I am well aware my number sits a long way above the consensus, and I am not going to pretend otherwise. The story is the weakest thing here, the characters rarely deepen, and a colder viewer will find the whole exercise more surface than substance. None of that has stopped me watching it again and again. I value atmosphere, world-building, a great soundtrack and the simple pleasure of being somewhere, and on every one of those this delivers completely. The Daft Punk score alone would carry a lesser film; wrapped around visuals this clean, it makes for the most rewatchable science fiction of the year. It is gorgeous, it is hypnotic, and it is exactly my kind of thing. 910.

Availability: On general release in UK cinemas now.

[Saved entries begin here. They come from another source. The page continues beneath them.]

(* Let $(\mathcal{A},\{\eta_n\}_{n\ge1})$ be an $NS_\infty$-algebra. Then $(\mathcal{A},\{\overline{\eta}_n\}_{n\ge1})$ is an $A_\infty$-algebra, where $\overline{\eta}_1(a)=\eta_1([1];a)$ and $\overline{\eta}_n(a_1,\dots,a_n)=\sum_{j=1}^{n+1}\eta_n([j];a_1,\dots,a_n)$ for $n\ge2$.
   Context: Over a field of characteristic $0$. An $A_\infty$-algebra: graded vector space $\mathcal{A}$ with degree $n-2$ maps $\mu_n:\mathcal{A}^{\otimes n}\to\mathcal{A}$ such that for all $k\ge1$ and homogeneous $a_1,\dots,a_k$: $\sum_{m+n=k+1}\sum_{i=1}^m(-1)^{i(n+1)+n(|a_1|+\cdots+|a_{i-1}|)}\mu_m(a_1,\dots,a_{i-1},\mu_n(a_i,\dots,a_{i+n-1}),a_{i+n},\dots,a_k)=0$. Let $C_n=\{[1],\dots,[n]\}$ (formal symbols). $\mathcal{O}(1)=\mathrm{Hom}(\mathbf{k}[C_1]\otimes\mathcal{A},\mathcal{A})$, $\mathcal{O}(n)=\mathrm{Hom}(\mathbf{k}[C_{n+1}]\otimes\mathcal{A}^{\otimes n},\mathcal{A})$ for $n\ge2$ (graded maps); call $C_1$, resp. $C_{n+1}$, the index set of $\mathcal{O}(n)$. For $g\in\mathcal{O}(n)$ write $g([*];-)$ for the sum of $g([j];-)$ over its index set, and set $g([j];-)=0$ if $[j]$ is not in its index set. For $f\in\mathcal{O}(m)$ of degree $m-2$, $g\in\mathcal{O}(n)$ of degree $n-2$, $1\le i\le m$, homogeneous $a_1,\dots,a_{m+n-1}$, put $\varepsilon=(-1)^{n(|a_1|+\cdots+|a_{i-1}|)}$ and $\bar g_\ast=g([*];a_i,\dots,a_{i+n-1})$; the (graded) partial composition $f\circ_ig\in\mathcal{O}(m+n-1)$ is $\varepsilon$ times: $f([r];a_1,\dots,a_{i-1},\bar g_*,a_{i+n},\dots)$ if $1\le r\le i-1$; $f([i];a_1,\dots,a_{i-1},g([r-i+1];a_i,\dots,a_{i+n-1}),a_{i+n},\dots)$ if $i\le r\le i+n-1$; $f([r-n+1];\dots,\bar g_*,\dots)$ if $i+n\le r\le m+n-1$; $f([i];\dots,g([n+1];a_i,\dots,a_{i+n-1}),\dots)+f([m+1];\dots,\bar g_*,\dots)$ if $r=m+n$ (for $[r]$ in the index set of $\mathcal{O}(m+n-1)$). An $NS_\infty$-algebra is $(\mathcal{A},\{\eta_n\}_{n\ge1})$ with $\eta_n\in\mathcal{O}(n)$ of degree $n-2$ such that for every $k\ge1$, every $[r]$ in the index set of $\mathcal{O}(k)$ and homogeneous $a_1,\dots,a_k$: $\sum_{m+n=k+1}\sum_{i=1}^m(-1)^{i(n+1)}(\eta_m\circ_i\eta_n)([r];a_1,\dots,a_k)=0$. *)

From HB Require Import structures.
From mathcomp Require Import all_boot all_order all_algebra.
Set Implicit Arguments. Unset Strict Implicit. Unset Printing Implicit Defensive.
Import Order.TTheory GRing.Theory Num.Theory.
Local Open Scope ring_scope.

(* Conventions: a graded vector space is a K-module V together with a family
   G : int -> {pred V} of subspaces ("homogeneous elements of degree d") such
   that V is their internal direct sum.  An n-ary map is a function
   seq V -> V, used on lists of length n.  Indices [j] are 1-based nats. *)

Section Defs.
Variable K : fieldType.
Variable V : lmodType K.

Definition graded_space (G : int -> {pred V}) : Prop :=
  [/\ (forall d, 0 \in G d),
      (forall d (c : K) (x y : V), x \in G d -> y \in G d -> c *: x + y \in G d),
      (forall v : V, exists s : seq (int * V),
          all (fun p => p.2 \in G p.1) s /\ v = \sum_(p <- s) p.2) &
      (forall s : seq (int * V), uniq (map fst s) ->
          all (fun p => p.2 \in G p.1) s -> \sum_(p <- s) p.2 = 0 ->
          all (fun p => p.2 == 0) s)].

Definition homog_seq (G : int -> {pred V}) (ds : seq int) (s : seq V) : bool :=
  all2 (fun a d => a \in G d) s ds.

Definition multilinear (n : nat) (f : seq V -> V) : Prop :=
  forall (s1 s2 : seq V) (c : K) (x y : V), (size s1 + size s2).+1 = n ->
    f (s1 ++ (c *: x + y) :: s2) = c *: f (s1 ++ x :: s2) + f (s1 ++ y :: s2).

Definition graded_map (G : int -> {pred V}) (n : nat) (d : int) (f : seq V -> V) : Prop :=
  multilinear n f /\
  forall (ds : seq int) (s : seq V), size ds = n -> homog_seq G ds s ->
    f s \in G (\sum_(x <- ds) x + d).

(* s with the block a_i..a_{i+n-1} (i 1-based) replaced by h(a_i..a_{i+n-1}) *)
Definition insert_at (h : seq V -> V) (i n : nat) (s : seq V) : seq V :=
  take i.-1 s ++ h (take n (drop i.-1 s)) :: drop (i.-1 + n) s.

Definition degsum (ds : seq int) (i : nat) : int := \sum_(x <- take i.-1 ds) x.

Definition Ainf_algebra (G : int -> {pred V}) (mu : nat -> seq V -> V) : Prop :=
  (forall n : nat, (0 < n)%N -> graded_map G n (n%:Z - 2) (mu n)) /\
  forall (k : nat) (ds : seq int) (s : seq V), (0 < k)%N -> size ds = k ->
    homog_seq G ds s ->
    \sum_(1 <= m < k.+1) \sum_(1 <= i < m.+1)
       ((-1) ^ ((i * (k.+1 - m).+1)%N%:Z + (k.+1 - m)%N%:Z * degsum ds i)) *:
          mu m (insert_at (mu (k.+1 - m)%N) i (k.+1 - m) s) = 0.

(* index set of O(n): C_1 if n = 1, C_{n+1} if n >= 2 *)
Definition idx (n j : nat) : bool :=
  if n == 1%N then j == 1%N else (1 <= j <= n.+1)%N.

(* An element of O(n) is represented by g : nat -> seq V -> V, g j = g([j]; -).
   ev enforces the convention g([j];-) = 0 for [j] outside the index set. *)
Definition ev (g : nat -> seq V -> V) (n j : nat) (s : seq V) : V :=
  if idx n j then g j s else 0.

Definition star (g : nat -> seq V -> V) (n : nat) (s : seq V) : V :=
  \sum_(1 <= j < n.+2 | idx n j) g j s.

(* (f o_i g)([r]; a_1,...,a_{m+n-1}) for f in O(m), g in O(n), degrees ds *)
Definition pcomp (f g : nat -> seq V -> V) (m n i r : nat)
    (ds : seq int) (s : seq V) : V :=
  let eps : K := (-1) ^ (n%:Z * degsum ds i) in
  let ins h := insert_at h i n s in
  eps *: (if (r < i)%N then ev f m r (ins (star g n))
          else if (r < i + n)%N then ev f m i (ins (ev g n (r - i).+1))
          else if (r < m + n)%N then ev f m (r - n).+1 (ins (star g n))
          else if r == (m + n)%N then
            ev f m i (ins (ev g n n.+1)) + ev f m m.+1 (ins (star g n))
          else 0).

Definition NSinf_algebra (G : int -> {pred V}) (eta : nat -> nat -> seq V -> V) : Prop :=
  (forall n j : nat, (0 < n)%N -> idx n j -> graded_map G n (n%:Z - 2) (eta n j)) /\
  forall (k r : nat) (ds : seq int) (s : seq V), (0 < k)%N -> idx k r ->
    size ds = k -> homog_seq G ds s ->
    \sum_(1 <= m < k.+1) \sum_(1 <= i < m.+1)
       ((-1) ^ ((i * (k.+1 - m).+1)%N%:Z)) *:
          pcomp (eta m) (eta (k.+1 - m)%N) m (k.+1 - m) i r ds s = 0.

Definition eta_bar (eta : nat -> nat -> seq V -> V) (n : nat) (s : seq V) : V :=
  star (eta n) n s.

End Defs.

From Pilot Require Import Defs.
From HB Require Import structures.
From mathcomp Require Import all_boot all_order all_algebra.
From mathcomp Require Import zify.
Set Implicit Arguments. Unset Strict Implicit. Unset Printing Implicit Defensive.
Import Order.TTheory GRing.Theory Num.Theory.
Local Open Scope ring_scope.

(* Summing the NS-infinity relation over all outputs [r] of the index set of
   O(k) collapses every partial composition: by multilinearity of eta_m in its
   i-th slot, sum_r (eta_m o_i eta_n)([r]; a) is eps times
   eta_bar_m(a_1, .., eta_bar_n(a_i, ..), ..).  The sign (-1)^(i(n+1)) of the
   NS relation times this eps is exactly the Koszul sign of the A-infinity
   relation. *)

Section NSinfToAinf.
Variables (K : fieldType) (V : lmodType K).
Implicit Types (f g : nat -> seq V -> V) (s : seq V).

Lemma multilinear_big (n : nat) (h : seq V -> V) s1 s2 (I : Type) (r : seq I)
    (P : pred I) (F : I -> V) :
  multilinear n h -> (size s1 + size s2).+1 = n ->
  h (s1 ++ (\sum_(j <- r | P j) F j) :: s2) = \sum_(j <- r | P j) h (s1 ++ F j :: s2).
Proof.
move=> hlin hsz.
have hD x y : h (s1 ++ (x + y) :: s2) = h (s1 ++ x :: s2) + h (s1 ++ y :: s2).
  by have := hlin s1 s2 1 x y hsz; rewrite !scale1r.
have h0 : h (s1 ++ 0 :: s2) = 0.
  by have := hD 0 0; rewrite addr0 -{1}[h _]addr0 => /addrI/esym.
exact: (big_morph (fun x => h (s1 ++ x :: s2)) hD h0).
Qed.

Lemma multilinear0 (n : nat) (h : seq V -> V) s1 s2 :
  multilinear n h -> (size s1 + size s2).+1 = n -> h (s1 ++ 0 :: s2) = 0.
Proof.
move=> hlin hsz.
by have := multilinear_big [::] xpredT (fun _ : unit => 0) hlin hsz; rewrite !big_nil.
Qed.

Lemma size_insert_context (m n i : nat) s :
  (0 < i <= m)%N -> size s = (m + n).-1 ->
  (size (take i.-1 s) + size (drop (i.-1 + n) s)).+1 = m.
Proof. by move=> hi hs; rewrite size_drop size_takel; lia. Qed.

Lemma graded_map_big (G : int -> {pred V}) (n : nat) (d : int) (I : Type)
    (r : seq I) (P : pred I) (F : I -> seq V -> V) :
  graded_space G -> (forall j, P j -> graded_map G n d (F j)) ->
  graded_map G n d (fun s => \sum_(j <- r | P j) F j s).
Proof.
move=> [G0 GD _ _] hF; split=> [s1 s2 c x y hsz | ds s hds hs].
  rewrite scaler_sumr -big_split; apply: eq_bigr => j Pj.
  exact: (hF j Pj).1.
apply: (big_ind (fun v => v \in G (\sum_(x <- ds) x + d))) => [|x y Gx Gy|j Pj].
- exact: G0.
- by have := GD _ 1 x y Gx Gy; rewrite scale1r.
- exact: (hF j Pj).2.
Qed.

Lemma idx_le (n i : nat) : (0 < i <= n)%N -> idx n i.
Proof. by rewrite /idx; case: eqP; lia. Qed.

Lemma ev_idx g (n j : nat) : idx n j -> ev g n j = g j.
Proof. by rewrite /ev => ->. Qed.

Lemma starE g (n : nat) s : star g n s = \sum_(1 <= j < n.+2) ev g n j s.
Proof. by rewrite /star big_mkcond. Qed.

Lemma big_idx (k : nat) (F : nat -> V) :
  (k = 1%N -> F 2%N = 0) ->
  \sum_(1 <= r < k.+2 | idx k r) F r = \sum_(1 <= r < k.+2) F r.
Proof.
move=> F2; rewrite big_mkcond; apply: eq_big_nat => r /andP[r1 r2].
rewrite /idx; case: eqP => [k1|_]; last by rewrite r1 -ltnS r2.
have [//|r_neq1] := eqVneq r 1%N.
have -> : r = 2%N by lia.
by rewrite F2.
Qed.

Definition pcomp_unsigned f g (m n i r : nat) s : V :=
  let ins h := insert_at h i n s in
  if (r < i)%N then ev f m r (ins (star g n))
  else if (r < i + n)%N then ev f m i (ins (ev g n (r - i).+1))
  else if (r < m + n)%N then ev f m (r - n).+1 (ins (star g n))
  else if r == (m + n)%N then
    ev f m i (ins (ev g n n.+1)) + ev f m m.+1 (ins (star g n))
  else 0.

Lemma pcompE f g (m n i r : nat) ds s :
  Defs.pcomp f g m n i r ds s =
  (-1) ^ (n%:Z * degsum ds i) *: pcomp_unsigned f g m n i r s.
Proof. by []. Qed.

Section PcompRanges.
Variables (f g : nat -> seq V -> V) (m n i : nat) (s : seq V).
Hypothesis hi : (0 < i <= m)%N.

Local Notation ucomp r := (pcomp_unsigned f g m n i r s).
Local Notation ins h := (insert_at h i n s).

Lemma sum_pcomp_unsigned_before :
  \sum_(1 <= r < i) ucomp r = \sum_(1 <= j < i) ev f m j (ins (star g n)).
Proof. by apply: eq_big_nat => r /andP[_ ri]; rewrite /pcomp_unsigned ri. Qed.

Lemma sum_pcomp_unsigned_block :
  \sum_(i <= r < i + n) ucomp r = \sum_(1 <= l < n.+1) ev f m i (ins (ev g n l)).
Proof.
rewrite -[i in \sum_(i <= _ < _) _]add0n -[1%N]add0n !big_addn.
rewrite addKn subn1; apply: eq_big_nat => l /andP[_ ln].
rewrite /pcomp_unsigned ifF; last lia.
by rewrite ifT; [congr (ev _ _ _ (ins (ev _ _ _))); lia | lia].
Qed.

Lemma sum_pcomp_unsigned_after :
  \sum_(i + n <= r < m + n) ucomp r =
  \sum_(i.+1 <= j < m.+1) ev f m j (ins (star g n)).
Proof.
rewrite -[(i + n)%N]add0n -[i.+1]add0n !big_addn.
have -> : (m + n - (i + n) = m.+1 - i.+1)%N by lia.
apply: eq_big_nat => j /andP[_ jm].
rewrite /pcomp_unsigned ifF; last lia.
rewrite ifF; last lia.
by rewrite ifT; [congr (ev _ _ _ _); lia | lia].
Qed.

Lemma pcomp_unsigned_last :
  ucomp (m + n) = ev f m i (ins (ev g n n.+1)) + ev f m m.+1 (ins (star g n)).
Proof.
rewrite /pcomp_unsigned ifF; last lia.
by rewrite ifF ?ltnn ?eqxx //; lia.
Qed.

Lemma sum_pcomp_unsigned :
  multilinear m (f i) -> size s = (m + n).-1 ->
  \sum_(1 <= r < (m + n).+1) ucomp r = star f m (ins (star g n)).
Proof.
move=> hf hs.
have hsz := size_insert_context hi hs.
have split_i : ev f m i (ins (star g n)) =
    \sum_(1 <= l < n.+1) ev f m i (ins (ev g n l)) + ev f m i (ins (ev g n n.+1)).
  by rewrite (ev_idx f (idx_le hi)) /insert_at starE (multilinear_big _ _ _ hf hsz)
             big_nat_recr.
rewrite big_nat_recr /=; last lia.
rewrite (big_cat_nat _ (n := i)) /=; [|lia|lia].
rewrite (big_cat_nat _ (m := i) (n := i + n)) /=; [|lia|lia].
rewrite starE big_nat_recr /=; last lia.
rewrite (big_cat_nat _ (m := 1%N) (n := i) (p := m.+1)) /=; [|lia|lia].
rewrite (big_ltn _ (m := i) (n := m.+1)); last lia.
rewrite sum_pcomp_unsigned_before sum_pcomp_unsigned_block
        sum_pcomp_unsigned_after pcomp_unsigned_last split_i.
by rewrite -!addrA; congr (_ + (_ + _)); rewrite addrCA.
Qed.

End PcompRanges.

Lemma sum_pcomp f g (m n i k : nat) ds s :
  (0 < i <= m)%N -> (0 < n)%N -> (m + n = k.+1)%N -> size s = k ->
  multilinear m (f i) ->
  \sum_(1 <= r < k.+2 | idx k r) Defs.pcomp f g m n i r ds s =
  (-1) ^ (n%:Z * degsum ds i) *: star f m (insert_at (star g n) i n s).
Proof.
move=> hi n0 hmn hs hf.
have hs' : size s = (m + n).-1 by rewrite hmn.
rewrite big_idx => [|k1].
  rewrite -hmn; under eq_bigr do rewrite pcompE.
  by rewrite -scaler_sumr sum_pcomp_unsigned.
(* For k = 1 the index set C_1 omits [2]; the term at [2] vanishes because
   eta_1 has the single output [1]. *)
have [m1 n1] : m = 1%N /\ n = 1%N by lia.
have i1 : i = 1%N by lia.
rewrite (_ : 2%N = (m + n)%N) 1?pcompE ?pcomp_unsigned_last //; last lia.
move: hf hs'; rewrite m1 n1 i1 => hf hs'.
rewrite -[ev f 1 2 _]/0 addr0 ev_idx // /insert_at -[ev g 1 2 _]/0.
by rewrite (multilinear0 hf (size_insert_context (m := 1%N) (i := 1%N) isT hs')) scaler0.
Qed.

Lemma size_homog_seq (G : int -> {pred V}) (ds : seq int) s :
  homog_seq G ds s -> size s = size ds.
Proof. by rewrite /homog_seq all2E => /andP[/eqP]. Qed.

End NSinfToAinf.

Theorem proposition6p13 (K : fieldType) (hchar : [pchar K] =i pred0)
    (V : lmodType K) (G : int -> {pred V}) (eta : nat -> nat -> seq V -> V) :
  graded_space G -> NSinf_algebra G eta -> Ainf_algebra G (eta_bar eta).
Proof.
move=> hG [eta_graded eta_rel]; split=> [n n0|k ds s k0 hds hhom].
  by apply: graded_map_big => // j; apply: eta_graded.
have hs : size s = k by rewrite (size_homog_seq hhom).
transitivity (\sum_(1 <= r < k.+2 | idx k r) \sum_(1 <= m < k.+1)
    \sum_(1 <= i < m.+1) ((-1) ^ ((i * (k.+1 - m).+1)%N%:Z)) *:
      Defs.pcomp (eta m) (eta (k.+1 - m)%N) m (k.+1 - m) i r ds s); last first.
  by rewrite big1 // => r hr; apply: eta_rel.
rewrite exchange_big; apply: eq_big_nat => m /andP[m0 mk].
rewrite exchange_big; apply: eq_big_nat => i /andP[i0 im].
have hi : (0 < i <= m)%N by rewrite i0.
rewrite -scaler_sumr sum_pcomp //; [|lia|lia|exact: (eta_graded m i _ (idx_le hi)).1].
by rewrite scalerA -expfzDr // oppr_eq0 oner_eq0.
Qed.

See it in 3D and on the largest IMAX screen you can reach; this is a film built for the biggest, loudest room available.


Update

Added since this review first appeared: the Daft Punk score has comfortably outlasted the film’s mixed reception, settling in as one of the most admired film soundtracks of its era and arguably the most enduring part of the whole project. A long-promised third Tron film spent years in development limbo before resurfacing, a sign of how much affection the world still commands even when the box office did not justify it. Legacy itself now streams on Disney+ and is widely available on Blu-ray and 4K, where the black-glass Grid and that score still reward the best screen and speakers you can give them.


BBFC content advice

BBFC 12 certificate

Rated 12 by the BBFC for moderate fantasy violence. The notes below may contain spoilers.

Violence: There are frequent scenes of moderate fantasy violence, including fistfights and use of futuristic weapons against electronic beings who shatter into pixels when attacked. A woman’s arm is cut off, but the injury is bloodless and her limb regenerates.

Additional issues: Very mild bad language includes use of the terms ‘son of a gun’ and ‘screwed up’.